» **Exercise brief**: Output, word for word, the span of lines that starts at the one containing "(@Build_Stage P A" and ends at the last line of the records.

» **Data provided**:
(* Let $P$ and $Q$ be posets, let $\mathcal U$ and $\mathcal D$ be a join- and a meet-specification of $P$, both of radius $\omega$, let $n\in\omega$, and let $\mathcal A_n$, $\mathcal U_n$, $\mathcal D_n$, $\gamma_{0n}:P\to\mathcal A_n$ be as in the construction described in the context. Let $f:P\to Q$ be a $(\mathcal U,\mathcal D)$-morphism, and suppose $Q$ is $(n+1)$-complete relative to $f[P]$. Then there is a unique $(\mathcal U_n,\mathcal D_n)$-morphism $f^*:\mathcal A_n\to Q$ such that $f^*\circ\gamma_{0n}=f$.
   Context: For a poset $Q$ and $q\in Q$, $q^\uparrow=\{q'\ge q\}$, $q^\downarrow=\{q'\le q\}$; $e^{-1}(Z)=\{p:e(p)\in Z\}$. A meet-extension is an order-embedding $e:P\to X$ with $x=\bigwedge e[e^{-1}(x^\uparrow)]$ for all $x\in X$; a join-extension dually. Completely meet-preserving: preserves all meets that exist in the domain; completely join-preserving dually. Canonical amalgamation of a meet-extension $e_X:P\to X$ and a join-extension $e_Y:P\to Y$: a triple $(A,\pi_X,\pi_Y)$, $A$ a poset, $\pi_X:X\to A$ a completely meet-preserving order-embedding, $\pi_Y:Y\to A$ a completely join-preserving order-embedding, $\pi_X\circ e_X=\pi_Y\circ e_Y$, and for every poset $Q'$ and order-preserving $f:X\to Q'$, $g:Y\to Q'$ with ($\pi_Y(y)\le\pi_X(x)\Rightarrow g(y)\le f(x)$), there is a unique order-preserving $u:A\to Q'$ with $u\circ\pi_X=f$, $u\circ\pi_Y=g$. A join-specification of $P$ is a set $\mathcal U$ of subsets of $P$ each having a join in $P$, containing all singletons; meet-specification dually; radius $\omega$ means all members are finite. For a set $\mathcal U$ of subsets of a poset with existing joins, a $\mathcal U$-ideal is a downset closed under joins of members of $\mathcal U$ contained in it; $\mathcal D$-filters dually; finitely generated means smallest such containing some finite set. An order-preserving map is a $(\mathcal U,\mathcal D)$-morphism if it preserves joins of members of $\mathcal U$ and meets of members of $\mathcal D$. Construction: $\mathcal A_0=P$, $\mathcal U_0=\mathcal U$, $\mathcal D_0=\mathcal D$. Given $\mathcal A_n,\mathcal U_n,\mathcal D_n$: $X_n$ = non-empty finitely generated $\mathcal D_n$-filters of $\mathcal A_n$ ordered by reverse inclusion, $Y_n$ = non-empty finitely generated $\mathcal U_n$-ideals of $\mathcal A_n$ ordered by inclusion, $e_{X_n}(a)=a^\uparrow$, $e_{Y_n}(a)=a^\downarrow$; $(\mathcal A_{n+1},\pi_{X_n},\pi_{Y_n})$ a canonical amalgamation of $e_{X_n},e_{Y_n}$; $\gamma_n=\pi_{X_n}\circ e_{X_n}$; $\mathcal U_{n+1}=\mathcal D_{n+1}$ = non-empty finite subsets of $\gamma_n[\mathcal A_n]$; $\gamma_{mn}=\gamma_{n-1}\circ\dots\circ\gamma_m$ for $m<n$, $\gamma_{nn}=\mathrm{id}$. Terms: for $2\le k<\omega$ take $k$-ary symbols $\bigvee_k,\bigwedge_k$. For a set $T$, $T$-terms are elements of $T$ (complexity 0) and $\bigvee_k(\phi_1,\dots,\phi_k)$, $\bigwedge_k(\phi_1,\dots,\phi_k)$ for $T$-terms $\phi_i$ (complexity $1+\max$ of complexities). For $T\subseteq Q$, $q\in Q$ corresponds to $t\in T$ iff $q=t$; to $\bigvee_k(\phi_1,\dots,\phi_k)$ iff each $\phi_i$ has a correspondent $q_i$ and $q=\bigvee\{q_1,\dots,q_k\}$ in $Q$; dually for $\bigwedge_k$. $Q$ is $k$-complete relative to $T$ if for all $k'<k$ every $T$-term of complexity $k'$ has a correspondent in $Q$. *)

From Stdlib Require Import List PeanoNat ProofIrrelevance
  FunctionalExtensionality PropExtensionality.
Set Implicit Arguments.

Record Poset := {
  carrier :> Type;
  le : carrier -> carrier -> Prop;
  le_refl : forall x, le x x;
  le_antisym : forall x y, le x y -> le y x -> x = y;
  le_trans : forall x y z, le x y -> le y z -> le x z }.

Arguments le {_} _ _.

Definition subset {T : Type} (A B : T -> Prop) : Prop := forall x, A x -> B x.

Definition image {A B : Type} (f : A -> B) (S : A -> Prop) : B -> Prop :=
  fun y => exists x, S x /\ f x = y.
Definition preimage {A B : Type} (f : A -> B) (Z : B -> Prop) : A -> Prop :=
  fun x => Z (f x).

Definition up {Q : Poset} (q : Q) : Q -> Prop := fun q' => le q q'.
Definition down {Q : Poset} (q : Q) : Q -> Prop := fun q' => le q' q.

Definition is_lb {Q : Poset} (S : Q -> Prop) (x : Q) := forall y, S y -> le x y.
Definition is_ub {Q : Poset} (S : Q -> Prop) (x : Q) := forall y, S y -> le y x.
Definition is_meet {Q : Poset} (S : Q -> Prop) (m : Q) :=
  is_lb S m /\ forall x, is_lb S x -> le x m.
Definition is_join {Q : Poset} (S : Q -> Prop) (j : Q) :=
  is_ub S j /\ forall x, is_ub S x -> le j x.

Definition order_preserving {A B : Poset} (f : A -> B) :=
  forall x y, le x y -> le (f x) (f y).
Definition order_embedding {A B : Poset} (f : A -> B) :=
  forall x y, le x y <-> le (f x) (f y).

Definition meet_extension {P X : Poset} (e : P -> X) :=
  order_embedding e /\ forall x : X, is_meet (image e (preimage e (up x))) x.
Definition join_extension {P Y : Poset} (e : P -> Y) :=
  order_embedding e /\ forall y : Y, is_join (image e (preimage e (down y))) y.

Definition completely_meet_preserving {A B : Poset} (f : A -> B) :=
  forall S m, is_meet S m -> is_meet (image f S) (f m).
Definition completely_join_preserving {A B : Poset} (f : A -> B) :=
  forall S j, is_join S j -> is_join (image f S) (f j).

Definition canonical_amalgamation {P X Y : Poset} (eX : P -> X) (eY : P -> Y)
    (A : Poset) (piX : X -> A) (piY : Y -> A) : Prop :=
  completely_meet_preserving piX /\ order_embedding piX /\
  completely_join_preserving piY /\ order_embedding piY /\
  (forall p, piX (eX p) = piY (eY p)) /\
  forall (Q' : Poset) (f : X -> Q') (g : Y -> Q'),
    order_preserving f -> order_preserving g ->
    (forall x y, le (piY y) (piX x) -> le (g y) (f x)) ->
    exists u : A -> Q',
      (order_preserving u /\ (forall x, u (piX x) = f x) /\ (forall y, u (piY y) = g y)) /\
      forall u' : A -> Q', order_preserving u' ->
        (forall x, u' (piX x) = f x) -> (forall y, u' (piY y) = g y) ->
        forall a, u' a = u a.

Definition finite_set {T : Type} (S : T -> Prop) : Prop :=
  exists l : list T, forall x, S x <-> In x l.

Definition nonempty {T : Type} (S : T -> Prop) : Prop := exists x, S x.

Definition join_specification {P : Poset} (U : (P -> Prop) -> Prop) :=
  (forall S, U S -> exists j, is_join S j) /\ (forall x : P, U (fun y => y = x)).
Definition meet_specification {P : Poset} (D : (P -> Prop) -> Prop) :=
  (forall S, D S -> exists m, is_meet S m) /\ (forall x : P, D (fun y => y = x)).

Definition radius_omega {P : Poset} (U : (P -> Prop) -> Prop) :=
  forall S, U S -> finite_set S.

Definition is_U_ideal {A : Poset} (U : (A -> Prop) -> Prop) (I : A -> Prop) :=
  (forall x y, le x y -> I y -> I x) /\
  (forall S, U S -> subset S I -> forall j, is_join S j -> I j).
Definition is_D_filter {A : Poset} (D : (A -> Prop) -> Prop) (F : A -> Prop) :=
  (forall x y, le x y -> F x -> F y) /\
  (forall S, D S -> subset S F -> forall m, is_meet S m -> F m).

Definition fg_U_ideal {A : Poset} (U : (A -> Prop) -> Prop) (I : A -> Prop) :=
  exists G : A -> Prop, finite_set G /\ is_U_ideal U I /\ subset G I /\
    forall J, is_U_ideal U J -> subset G J -> subset I J.
Definition fg_D_filter {A : Poset} (D : (A -> Prop) -> Prop) (F : A -> Prop) :=
  exists G : A -> Prop, finite_set G /\ is_D_filter D F /\ subset G F /\
    forall J, is_D_filter D J -> subset G J -> subset F J.

Definition UD_morphism {A B : Poset} (U D : (A -> Prop) -> Prop) (f : A -> B) :=
  order_preserving f /\
  (forall S, U S -> forall j, is_join S j -> is_join (image f S) (f j)) /\
  (forall S, D S -> forall m, is_meet S m -> is_meet (image f S) (f m)).

Lemma sig_set_eq {T : Type} (Pr : (T -> Prop) -> Prop)
  (F G : {S : T -> Prop | Pr S}) :
  subset (proj1_sig F) (proj1_sig G) -> subset (proj1_sig G) (proj1_sig F) -> F = G.
Proof.
  destruct F as [F hF], G as [G hG]; simpl; intros h1 h2.
  assert (F = G) as <-.
  { apply functional_extensionality; intro x.
    apply propositional_extensionality; split; auto. }
  f_equal; apply proof_irrelevance.
Qed.

Definition Xcar (A : Poset) (D : (A -> Prop) -> Prop) : Type :=
  {F : A -> Prop | nonempty F /\ fg_D_filter D F}.
Definition Ycar (A : Poset) (U : (A -> Prop) -> Prop) : Type :=
  {I : A -> Prop | nonempty I /\ fg_U_ideal U I}.

Definition Xposet {A : Poset} (D : (A -> Prop) -> Prop) : Poset.
Proof.
  refine (@Build_Poset (@Xcar A D)
            (fun F G => subset (proj1_sig G) (proj1_sig F)) _ _ _).
  - intros F x h; exact h.
  - intros F G h1 h2; apply sig_set_eq; assumption.
  - intros F G H h1 h2 x hx; auto.
Defined.

Definition Yposet {A : Poset} (U : (A -> Prop) -> Prop) : Poset.
Proof.
  refine (@Build_Poset (@Ycar A U)
            (fun I J => subset (proj1_sig I) (proj1_sig J)) _ _ _).
  - intros F x h; exact h.
  - intros F G h1 h2; apply sig_set_eq; assumption.
  - intros F G H h1 h2 x hx; auto.
Defined.

Lemma up_ok (A : Poset) (D : (A -> Prop) -> Prop) (a : A) :
  nonempty (up a) /\ fg_D_filter D (up a).
Proof.
  split. { exists a; apply le_refl. }
  exists (fun y => y = a); repeat split.
  - exists (a :: nil); intro x; simpl; split; [intros ->; auto | intros [->|[]]; auto].
  - intros x y hxy hx; unfold up in *; eapply le_trans; eauto.
  - intros S _ hS m [hlb hgl]; apply hgl; intros y hy; apply hS, hy.
  - intros x ->; apply le_refl.
  - intros J [hJ _] hG x hx; apply (hJ a x hx), hG; reflexivity.
Qed.

Lemma down_ok (A : Poset) (U : (A -> Prop) -> Prop) (a : A) :
  nonempty (down a) /\ fg_U_ideal U (down a).
Proof.
  split. { exists a; apply le_refl. }
  exists (fun y => y = a); repeat split.
  - exists (a :: nil); intro x; simpl; split; [intros ->; auto | intros [->|[]]; auto].
  - intros x y hxy hy; unfold down in *; eapply le_trans; eauto.
  - intros S _ hS j [hub hlu]; apply hlu; intros y hy; apply hS, hy.
  - intros x ->; apply le_refl.
  - intros J [hJ _] hG x hx; apply (hJ x a hx), hG; reflexivity.
Qed.

Definition eX {A : Poset} (D : (A -> Prop) -> Prop) (a : A) : Xposet D :=
  exist _ (up a) (up_ok A D a).
Definition eY {A : Poset} (U : (A -> Prop) -> Prop) (a : A) : Yposet U :=
  exist _ (down a) (down_ok A U a).

Record Stage (P : Poset) := {
  st_A : Poset;
  st_U : (st_A -> Prop) -> Prop;
  st_D : (st_A -> Prop) -> Prop;
  st_gamma : P -> st_A }.

Definition next_spec {A B : Poset} (gamma : A -> B) : (B -> Prop) -> Prop :=
  fun Z => nonempty Z /\ finite_set Z /\ subset Z (image gamma (fun _ => True)).

(* is_stage U D n S : S is (A_n, U_n, D_n, gamma_{0n}) for some run of the
   construction (i.e. for some choice of canonical amalgamations). *)
Inductive is_stage (P : Poset) (U D : (P -> Prop) -> Prop) : nat -> Stage P -> Prop :=
| stage0 : is_stage U D 0 (@Build_Stage P P U D (fun p => p))
| stageS : forall n (S : Stage P) (A : Poset)
             (piX : Xposet (st_D S) -> A) (piY : Yposet (st_U S) -> A),
    is_stage U D n S ->
    canonical_amalgamation (eX (st_D S)) (eY (st_U S)) A piX piY ->
    is_stage U D (Datatypes.S n)
      (@Build_Stage P A
         (next_spec (fun a => piX (eX (st_D S) a)))
         (next_spec (fun a => piX (eX (st_D S) a)))
         (fun p => piX (eX (st_D S) (st_gamma S p)))).

(* tjoin a b l is the k-ary join symbol applied to a :: b :: l (k >= 2) *)
Inductive term (T : Type) : Type :=
| tleaf : T -> term T
| tjoin : term T -> term T -> list (term T) -> term T
| tmeet : term T -> term T -> list (term T) -> term T.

» **Solution below**:
      (@Build_Stage P A
         (next_spec (fun a => piX (eX (st_D S) a)))
         (next_spec (fun a => piX (eX (st_D S) a)))
         (fun p => piX (eX (st_D S) (st_gamma S p)))).

(* tjoin a b l is the k-ary join symbol applied to a :: b :: l (k >= 2) *)
Inductive term (T : Type) : Type :=
| tleaf : T -> term T
| tjoin : term T -> term T -> list (term T) -> term T
| tmeet : term T -> term T -> list (term T) -> term T.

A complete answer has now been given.